Editorial differences

  • Having so much access to American television here in Australia means that we grow up watching words spelled as they are spelled in America. Different from us and mostly not acceptable for Australians to use in school, university or in business. Even our spell checkers default American spelling often. It drives me crazy when my seven-year-old daughter says, candy instead of candy, flashlight instead of torch, drugstore instead of drugstore, sidewalk instead of sidewalk and says she’s taking a shower instead of taking one. One thing that is easy to remember is that Americans use ‘z’ in many words, where we use ‘s’ and even pronounce ‘Z’ in the opposite way. Examples of use of ‘Z’; antagonize versus antagonize, analyze and analyze, aperitif and aperitif, etc. Americans also often shorten words by removing a letter like, anesthetic and anesthetic, archaeological and archaeological, mold against mold, favor versus favor, and behavior and behavior. There are word alterations like center to center, color to color, tire and tire, plow and plow, etc. So who should we blame or thank for all this American drama? 19th century American lexicographer Mr. Noah Webster of dictionary fame. He supposed that making the changes away from the British language would make America more superior and bypass them. It has certainly put them aside.

  • The Oxford comma, the Harvard comma, or the serial comma. There are supporters for and against its use. It is also known as the pretentious comma and at the end of the day is optional and up to the author unless you follow a particular style. We don’t use it as often in Australia as we do in Americans, although there are arguments that it clarifies meanings within sentences that can otherwise be confusing. What is it? It is the comma placed directly before the coordinating conjunction such as: and, or, or neither in a sequence of three terms or more. An example that uses the Oxford comma is: I have a recipe, a pot and an oven. Not using the comma would look like this: I have a recipe, a pot and an oven.

  • The exclamation point has been called the cheap whore of punctuation. My thoughts are, there is a place for it, but professionally it doesn’t belong. The more the merrier, it shouldn’t be applied either, and as F. Scott Fitzgerald put it, “Eliminate all these exclamation points. An exclamation point is like laughing at your own joke. It’s a useful way to convey emotion, irony, annoyance, or kindness when using six at a time, for example, as text, or on Facebook, email, or any other electronic medium. Also, this lays the groundwork for others to respond similarly with 17 !!!!! or ???????, like, ‘I just jumped out of a plane and my parachute opened !!!!!!’ Actually ?????? Cool!!!!!!’ Ridiculous.

  • I love the ampersand (&) logogram which personifies ‘y’ but when used correctly. It should not be used in any way or haphazardly. You don’t save on your word counting students. An ampersand originated from Latin, of course, as Y what does it mean Y. An example of good use might be a company title like Anders & Wallace Editing or in academic references such as (Anders and Judd, 2007). It would not be appropriate to use it to write something like ‘They put the bricks and mortar against the wall’.

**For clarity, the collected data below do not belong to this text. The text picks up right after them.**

(* Let $k\ge1$ and $m\ge0$ be integers. The sum of the ending heights over all $k$-Dyck prefixes with exactly $m$ up-steps whose last step is an up-step (equivalently, the total number of down-steps needed to return to the $x$-axis, summed over these prefixes) equals $$\frac1{1+(m+1)(k+1)}\binom{1+(m+1)(k+1)}{m+1}-\frac1{1+m(k+1)}\binom{1+m(k+1)}{m}.$$
   Context: A $k$-Dyck prefix is a lattice path starting at $(0,0)$ with up-steps $(1,k)$ and down-steps $(1,-1)$ that never goes below the $x$-axis; the height of a point is its $y$-coordinate. *)

From mathcomp Require Import all_boot all_order all_algebra.
Set Implicit Arguments. Unset Strict Implicit. Unset Printing Implicit Defensive.
Import Order.TTheory GRing.Theory Num.Theory.
Local Open Scope ring_scope.

(* A lattice path is a sequence of steps: [true] = up-step (1,k),
   [false] = down-step (1,-1). *)
Definition step_val (k : nat) (b : bool) : int := if b then k%:Z else (-1)%R.

Definition height (k : nat) (p : seq bool) : int := \sum_(b <- p) step_val k b.

Definition is_kDyck_prefix (k : nat) (p : seq bool) : Prop :=
  forall i : nat, (i <= size p)%N -> 0 <= height k (take i p).

Definition num_up (p : seq bool) : nat := count id p.

Definition kDyck_last_up (k m : nat) (p : seq bool) : Prop :=
  [/\ is_kDyck_prefix k p, num_up p = m, p != [::] & last false p = true].

From mathcomp Require Import all_boot all_order all_algebra.
From mathcomp Require Import zify.
Import Order.TTheory GRing.Theory Num.Theory.
Local Open Scope ring_scope.

(* A first passage is a path that ends at height -1 and stays nonnegative
   before.  With j up-steps it has 1 + j(k+1) steps, and by the cycle lemma
   exactly one rotation of each word with these step counts is a first
   passage, so there are F_j = C(1 + j(k+1), j) / (1 + j(k+1)) of them.
   Appending an up-step and then the down-steps that first reach -1 maps the
   k-Dyck prefixes with j up-steps bijectively onto the first passages with
   j + 1 up-steps, so there are F_{j+1} such prefixes.  A prefix with m >= 1
   up-steps is uniquely q followed by at most height(q) down-steps, where q
   ends with an up-step, and deleting that last up-step is a bijection onto
   the prefixes with m - 1 up-steps.  Hence, over the prefixes q with m >= 1
   up-steps ending with an up-step, the sum of height(q) + 1 is F_{m+1} and
   their number is F_m; for m = 0 there are none and F_1 = F_0 = 1. *)

Lemma size_bij_in (T U : eqType) (A : seq T) (B : seq U) (f : T -> U) :
  uniq A -> uniq B -> {in A &, injective f} -> B =i map f A -> size A = size B.
Proof.
move=> uA uB f_inj eqB; rewrite -(size_map f); apply: perm_size.
by apply: uniq_perm; rewrite ?map_inj_in_uniq.
Qed.

Lemma cons_inj (T : Type) (x : T) : injective (cons x).
Proof. by move=> s1 s2 []. Qed.

Lemma nseqSr (T : Type) (j : nat) (x : T) : nseq j.+1 x = rcons (nseq j x) x.
Proof. by elim: j => //= j ->. Qed.

Lemma count_nseq_false (j : nat) : count id (nseq j false) = 0%N.
Proof. by elim: j. Qed.

Lemma take_cat_le (T : Type) j (s1 s2 : seq T) :
  (j <= size s1)%N -> take j (s1 ++ s2) = take j s1.
Proof.
rewrite leq_eqVlt => /orP [/eqP ->|lt_j]; last by rewrite take_cat lt_j.
by rewrite take_cat ltnn subnn take0 cats0 take_size.
Qed.

Lemma split_last_true (p : seq bool) : (0 < count id p)%N ->
  exists a t, p = rcons a true ++ nseq t false.
Proof.
elim/last_ind: p => [|p b IHp] //; rewrite -cats1 count_cat /= addn0.
case: b => /= p_up; first by exists p, 0%N; rewrite cats0 cats1.
have [a [t ->]] := IHp ltac:(lia); exists a, t.+1.
by rewrite -catA cats1 -nseqSr.
Qed.

Lemma split_last_true_inj (a a' : seq bool) t t' :
  rcons a true ++ nseq t false = rcons a' true ++ nseq t' false -> a = a' /\ t = t'.
Proof.
elim: t t' => [|t IHt] [|t'] //; rewrite ?cats0 ?nseqSr -?rcons_cat.
- by move/rcons_inj => [].
- by move/rcons_inj.
- by move/rcons_inj.
- by move/rcons_inj => [/IHt [-> ->]].
Qed.

Lemma mem_map_cons (T : eqType) (x y : T) (w : seq T) s :
  (y :: w \in map (cons x) s) = (y == x) && (w \in s).
Proof.
by apply/mapP/andP => [[v v_s [-> ->]]|[/eqP -> w_s]]; last exists w.
Qed.

Lemma mem_nil_map_cons (T : eqType) (x : T) s : ([::] \in map (cons x) s) = false.
Proof. by apply/mapP => -[]. Qed.

Fixpoint words_upto (n : nat) : seq (seq bool) :=
  if n is n'.+1 then
    [::] :: map (cons true) (words_upto n') ++ map (cons false) (words_upto n')
  else [:: [::]].

Lemma mem_words_upto n w : (w \in words_upto n) = (size w <= n)%N.
Proof.
elim: n w => [|n IHn] [|b w] //=.
by rewrite in_cons mem_cat !mem_map_cons !IHn ltnS; case: b; rewrite /= ?orbF.
Qed.

Lemma uniq_words_upto n : uniq (words_upto n).
Proof.
elim: n => //= n IHn; rewrite mem_cat !mem_nil_map_cons cat_uniq.
rewrite !map_inj_uniq ?IHn //; try exact: cons_inj.
by rewrite /= andbT; apply/hasPn => _ /mapP [w _ ->]; rewrite mem_map_cons.
Qed.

  • Using fonts looks like fun. But there is a place for countless font practices, like on a circus banner or in a comic. That’s right, people without comics, however whimsical, should be used in a comic, and nowhere else. Particular fonts work best on paper (times new roman, courier or fonts with feet / serif) and others better on screen (Sans-serif, Helvetica, Century gothic, Verdana, Arial or fonts without feet / sans serif). Although the pixel resolution has changed, you still need to consider small devices. I think using a particular font or fonts can really affect readability, so my advice is not to ‘mix’ them. It is fine when making a mixed tape, but not for a letter or other document. Service your readers. Don’t use impact for a full page, or combine it with Bradley’s hand pages and papyrus … well, pffftt. I have no idea what wings are for.